Favorite song/lyrics that you can't forget

#1
My favorite song is I Can Barely Breathe by Manchester Orchestra
and lyrics I will never forget are from a song called Seventy Times Seven by Brand New (angry song, but you know lol)
"so is that what you call a getaway? tell me what you got away with. cause I've seen more spine in jelly fish, I've seen more guts in eleven year old kids."
 
#2
I've heard that song before. c:

My all time favorite song is "Feeling This" by Blink-182.
In the song there is a line that I simply adore:
"I think I'm falling asleep
But then all that it means is
I'll always be dreaming of you
."

BUT!

My favorite song lyric is from "Message in a Bottle" by The Police.
"Seems I'm not alone at being alone."

-Cheetah
 
#4
"And I don't want the world to see me, 'cause I don't think that they'd understand.

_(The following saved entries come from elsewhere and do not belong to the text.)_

(* Let $k$ be a positive integer and $G_1,\dots,G_m$ finite subgraphs of $\mathsf{Path}_{\mathbb Z}$ with $G_1\cup\dots\cup G_m=\mathsf{Path}_k$ and $\vec\Delta(G_1,\dots,G_m)=1$. Then there exists a shift permutation $\sigma$ of $[m]$ such that \[\vec\lambda(G_{\sigma(1)},\dots,G_{\sigma(m)})\ge\frac{k}{8}-\frac{\max\{\lambda(G_1),\dots,\lambda(G_m)\}}{2}\] and \[\vec\Delta(G_{\tilde\sigma_j(1)},\dots,G_{\tilde\sigma_j(m)})\ge\frac{\vec\Delta(G_1,\dots,G_m)}{2}\quad\text{for all }j\in[m].\]
   Context: Graphs are finite simple graphs without isolated vertices; $\emptyset$ is the empty graph. $\mathsf{Path}_{\mathbb Z}$ has vertex set $\mathbb Z$ and edges $\{i-1,i\}$; $\mathsf{Path}_k$ has vertices $0,\dots,k$ and edges $\{i-1,i\}$, $1\le i\le k$. $\Delta(G)$ = number of connected components; $\lambda(G)$ = maximum number of edges in a component ($0$ for $\emptyset$); $G\ominus F$ = union of components of $G$ sharing no vertex with $F$. With $H_l=G_l\ominus(G_1\cup\dots\cup G_{l-1})$: $\vec\Delta(G_1,\dots,G_m)=\sum_l\Delta(H_l)$, $\vec\lambda(G_1,\dots,G_m)=\sum_l\lambda(H_l)$ (applied to reordered sequences accordingly). Shift permutation: a permutation $\sigma$ of $[m]$ with $\sigma(j)\ge j-1$ for all $j$. For $I\subseteq[m]$ with $m\in I$, $I=\{i_1<\dots<i_p\}$, $i_0:=0$, let $\sigma_I(j)=i_h$ if $j=i_{h-1}+1$ for some $h$, and $\sigma_I(j)=j-1$ otherwise; every shift permutation is $\sigma_I$ for exactly one such $I$. For $\sigma=\sigma_I$ and $j\in[m]$, $\tilde\sigma_j:=\sigma_{\tilde I_j}$ with $\tilde I_j=I\cup[i_{h-1}]$ if $j=i_h\in I$ and $\tilde I_j=I\cup[j-1]$ if $j\notin I$. *)

From HB Require Import structures.
From mathcomp Require Import all_boot all_order all_algebra.
From mathcomp Require Import finmap.
Set Implicit Arguments. Unset Strict Implicit. Unset Printing Implicit Defensive.
Import Order.TTheory GRing.Theory Num.Theory.
Local Open Scope ring_scope.


(* A finite subgraph (without isolated vertices) of Path_Z is determined by
   its edge set; the edge {i-1,i} is labelled by the integer i.  The vertex
   set is the set of endpoints of the edges. *)
Definition pgraph := {fset int}.

Definition pvert (G : pgraph) (v : int) : bool := (v \in G) || (v + 1 \in G).

Definition irange (a b : int) : seq int :=
  [seq a + (n%:Z) | n <- iota 0 (absz (b - a)).+1].

Definition is_comp (G : pgraph) (a b : int) : bool :=
  [&& a <= b, all (fun x => x \in G) (irange a b),
      a - 1 \notin G & b + 1 \notin G].

Definition epairs (G : pgraph) : seq (int * int) :=
  [seq (a, b) | a <- enum_fset G, b <- enum_fset G].

Definition comps (G : pgraph) : seq (int * int) :=
  [seq p <- epairs G | is_comp G p.1 p.2].

Definition comp_size (p : int * int) : nat := (absz (p.2 - p.1)).+1.

Definition Delta (G : pgraph) : nat := size (comps G).

Definition lambda (G : pgraph) : nat := \max_(p <- comps G) comp_size p.

Definition shares (F : pgraph) (a b : int) : bool :=
  has (fun v => pvert F v) (irange (a - 1) b).

Definition ominus (G F : pgraph) : pgraph :=
  ([fset e in G | has (fun p => (p.1 <= e <= p.2) && ~~ shares F p.1 p.2)
                     (comps G)])%fset.

Definition gunion (s : seq pgraph) : pgraph := (\big[fsetU/fset0]_(G <- s) G)%fset.

(* H_l = G_l ominus (G_1 u ... u G_{l-1}), l = 1..m  (0-based in Coq) *)
Definition Hs (s : seq pgraph) : seq pgraph :=
  [seq ominus (nth fset0 s l) (gunion (take l s)) | l <- iota 0 (size s)].

Definition vecDelta (s : seq pgraph) : nat := \sum_(H <- Hs s) Delta H.
Definition vecLambda (s : seq pgraph) : nat := \sum_(H <- Hs s) lambda H.

Definition PathG (k : nat) : pgraph := [fset (i%:Z) | i in iota 1 k]%fset.

Definition irangeN (n : nat) : seq nat := iota 1 n.

(* reordering (G_{sigma(1)}, ..., G_{sigma(m)}) of s = (G_1,...,G_m), with
   sigma acting on 1-based indices *)
Definition reorder (s : seq pgraph) (sigma : nat -> nat) : seq pgraph :=
  [seq nth fset0 s (sigma j).-1 | j <- irangeN (size s)].

Definition is_shift_perm (m : nat) (sigma : nat -> nat) : Prop :=
  [/\ {in irangeN m, forall j, sigma j \in irangeN m},
      {in irangeN m &, injective sigma} &
      {in irangeN m, forall j, (j.-1 <= sigma j)%N}].

Definition valid_I (m : nat) (I : seq nat) : Prop :=
  {subset I <= irangeN m} /\ m \in I.

(* sigma_I : with I = {i_1 < ... < i_p}, i_0 = 0,
   sigma_I(j) = i_h if j = i_{h-1}+1, and j-1 otherwise *)
Definition sigmaI (I : seq nat) (j : nat) : nat :=
  let s := sort leq (undup I) in
  let t := 0%N :: s in
  let h := find (fun x => x.+1 == j) t in
  if (h < size s)%N then nth 0%N s h else j.-1.

(* tilde I_j = I u [i_{h-1}] if j = i_h in I, and I u [j-1] otherwise *)
Definition tildeI (I : seq nat) (j : nat) : seq nat :=
  let s := sort leq (undup I) in
  if j \in I then I ++ irangeN (nth 0%N (0%N :: s) (index j s))
  else I ++ irangeN j.-1.

(* Let G_l be the first nonempty graph. As vec-Delta = 1, G_l is connected and every
   component of a later G_t touches G_1 u ... u G_{t-1}.  So the rightmost edge Y_t of
   G_1 u ... u G_t advances by runs: the component [P_t, Y_t] of G_t ending there starts
   at most one edge after Y_{t-1}.  These runs chain from an edge x of G_l to the edge
   k; alternate links of a greedy subchain give a family of pairwise separated runs
   of total length at least (k - x + 1)/2.  Listing their indices (plus m) as I, the
   shift permutation sigma_I puts each chosen G_t right after a prefix whose edges all
   lie left of P_t - 1, so [P_t, Y_t] survives as a component of its H-term and
   vec-lambda >= (k - x + 1)/2.  The mirror image v |-> -v yields another I with
   vec-lambda >= x/2, hence one of them has vec-lambda >= (k + 1)/4.  The vec-Delta
   bound is immediate: every reordering of a nonempty family has vec-Delta >= 1. *)

From HB Require Import structures.
From mathcomp Require Import all_boot all_order all_algebra.
From mathcomp Require Import finmap.
From mathcomp Require Import zify lra.
Set Implicit Arguments. Unset Strict Implicit. Unset Printing Implicit Defensive.
Import Order.TTheory GRing.Theory Num.Theory.
Local Open Scope ring_scope.

(** * Sequences and finite sets of integers *)

Lemma has_split_last (T : Type) (q : pred T) (s : seq T) : has q s ->
  exists pre z post, [/\ s = pre ++ z :: post, q z & ~~ has q post].
Proof.
elim: s => [|y s IH] //= hys; have [hs|hs] := boolP (has q s).
  by have [pre [z [post [-> hz hpost]]]] := IH hs; exists (y :: pre), z, post.
by exists [::], y, s; rewrite (negPf hs) orbF in hys.
Qed.

Lemma uniq_map_inj_in (T1 T2 : eqType) (f : T1 -> T2) (s : seq T1) :
  uniq (map f s) -> {in s &, injective f}.
Proof.
elim: s => //= a s IH /andP[ha hu] x y; rewrite !inE.
case/orP=> [/eqP->|hx]; case/orP=> [/eqP->|hy] // hf.
- by move: ha; rewrite hf map_f.
- by move: ha; rewrite -hf map_f.
- exact: IH.
Qed.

When everything's made to be broken, I just want you to know who I am."

Iris - The Goo Goo Dolls
 
#6
One of my current favorite songs by Simple Plan is from their new EP album called The Lucky One. This song really fits me for things tat I truly can't explain. You'd have to read the lyrics.

Why the stars are lined up so perfectly
For everybody, but not for me?
I wish it could be easy
But it never goes that way
Its never like the movies
Its never like they say

Well, maybe one day Ill be back on my feet
And all of this pain will be gone
And maybe it wont be so hard to be me
And Ill find out just where I belong
It feels like its taking forever
But one day things can get better
And maybe my time will come
And Ill be the lucky one

Now I cant stop thinkin
How this life could be
I can keep pretendin
But honestly
Does it really make a difference?
Does it really ever change a thing?
Its never like the movies
Its never like you think

Oh, maybe one day Ill be back on my feet
And all of this pain will be gone
And maybe it wont be so hard to be me
And Ill find out just where I belong
It feels like its taking forever
But one day things can get better
And maybe my time will come
And Ill be the lucky one

So give me a reason to keep holdin on
Something that makes me believe that my lifes gonna change
Seems like everyone else gets a shot, gets a break
I cant wait for that to be me

Maybe one day Ill be back on my feet
And all of this pain will be gone (all of this pain will be gone)
And maybe it wont be so hard to be me
And Ill find out just where I belong (Ill find out just where I belong)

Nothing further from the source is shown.